In [8]:
%load_ext autoreload
%autoreload 2

The autoreload extension is already loaded. To reload it, use:
  %reload_ext autoreload


In [9]:
import sys
sys.path.append('../')
import tokamakTK
from tokamakTK import get_ECT_regression

import numpy as np 
import pandas as pd
import matplotlib.pyplot as plt
import scipy as sp
import statsmodels.api as sm
import matplotlib.patches as mpatches

from collections import Counter

from sklearn.preprocessing import StandardScaler
from sklearn.cluster import KMeans
from yellowbrick.cluster import KElbowVisualizer
from yellowbrick.cluster import SilhouetteVisualizer

pd.set_option('display.max_columns', None)
path = "../data/"
fig_path = "../../../LATEX/Latex Images/"

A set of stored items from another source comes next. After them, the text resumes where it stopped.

(* Let $\rho$ be a state of $n$ qubits, $r\ge0$ an integer, $\eta\in(0,1]$. Define $$W_r^*=\inf\Big\{\beta^{-1}\sum_{i\in\mathcal W}\log\operatorname{tr}(\Gamma_i)\ :\ \mathcal W\subseteq\{1,\dots,n\},\ \mathcal E_1,\dots,\mathcal E_r\in\mathcal T,\ \langle0^n|\mathcal E(\rho)|0^n\rangle\ge\eta\Big\},$$ where $\mathcal E=\big(\prod_{i\in\mathcal W}R_i\big)\circ\mathcal E_r\circ\cdots\circ\mathcal E_1$. Then $\beta W_r^*=-D^{r,\eta}_h(\rho\|\Gamma)$, and consequently $$-D^{r,\eta}_H(\rho\|\Gamma)-\log(1/\eta)\le\beta W_r^*\le-D^{r,\eta}_H(\rho\|\Gamma).$$
   Context: All logarithms are natural. Consider $n$ qubits; qubit $i$ has Hamiltonian $H_i$ with $H_i|0\rangle=0$, $H_i|1\rangle=E_i|1\rangle$, $E_i\ge0$. Fix $\beta>0$, and let $\Gamma_i=e^{-\beta H_i}$, $\Gamma=\bigotimes_{i=1}^n\Gamma_i$. Let $\mathcal T$ be a set of completely positive trace-preserving maps on the $n$ qubits, containing the identity map, such that $\mathcal F(\Gamma)=\Gamma$ for every $\mathcal F\in\mathcal T$. $R_i$ denotes the reset of qubit $i$: $R_i(X)=|0\rangle\langle0|_i\otimes\operatorname{tr}_i(X)$. Let $\mathcal P_0=\{\bigotimes_{i=1}^n Q_i: Q_i\in\{|0\rangle\langle0|,\mathbb 1_2\}\}$ and $\mathcal M^r=\{\mathcal E_1^\dagger\cdots\mathcal E_r^\dagger(P): P\in\mathcal P_0,\ \mathcal E_j\in\mathcal T\}$ (Hilbert–Schmidt adjoints). For a state $\rho$ and positive semidefinite $\Gamma$: the reduced complexity relative entropy is $D^{r,\eta}_h(\rho\|\Gamma)=-\log\inf\{\operatorname{tr}(Q\Gamma): Q\in\mathcal M^r,\operatorname{tr}(Q\rho)\ge\eta\}$, and the complexity relative entropy is $D^{r,\eta}_H(\rho\|\Gamma)=-\log\inf\{\operatorname{tr}(Q\Gamma)/\operatorname{tr}(Q\rho): Q\in\mathcal M^r,\operatorname{tr}(Q\rho)\ge\eta\}$. *)

From HB Require Import structures.
From mathcomp Require Import all_boot all_order all_algebra.
From mathcomp Require Import all_classical all_reals all_analysis.
From mathcomp Require Import complex.
Set Implicit Arguments. Unset Strict Implicit. Unset Printing Implicit Defensive.
Import Order.TTheory GRing.Theory Num.Theory.
Local Open Scope ring_scope.
Local Open Scope complex_scope.
Local Open Scope classical_set_scope.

sstyle = 'seaborn-v0_8-poster'
plt.style.use(sstyle)
plt.rc('font',family = 'serif')

features = ['IP', 'BT', 'NEL', 'PLTH', 'RGEO', 'KAREA', 'EPS', 'MEFF']

In [10]:
# Obtained from Optimization

min_subset_ids_6357 = pd.read_csv(path+"R_ids_alpha_0.6357.csv")
min_subset_ids_9998 = pd.read_csv(path+"R_ids_alpha_0.9998.csv")

DB2 = pd.read_csv(path+"DB2P8.csv")
DB5 = pd.read_csv(path+"SELDB5_SVD.csv", low_memory=False) 

# Setting ELMy Dataset
DB5 = DB5[DB5["PHASE"].isin(['HGELM', 'HSELM', 'HGELMH', 'HSELMH'])]

# There is two shots from DB2P8 missing in DB5
missing_shots = DB2[~DB2.id.isin( DB5.id.values )].reset_index(drop=True)
DB5 = pd.concat([DB5, missing_shots], axis=0, ignore_index=True)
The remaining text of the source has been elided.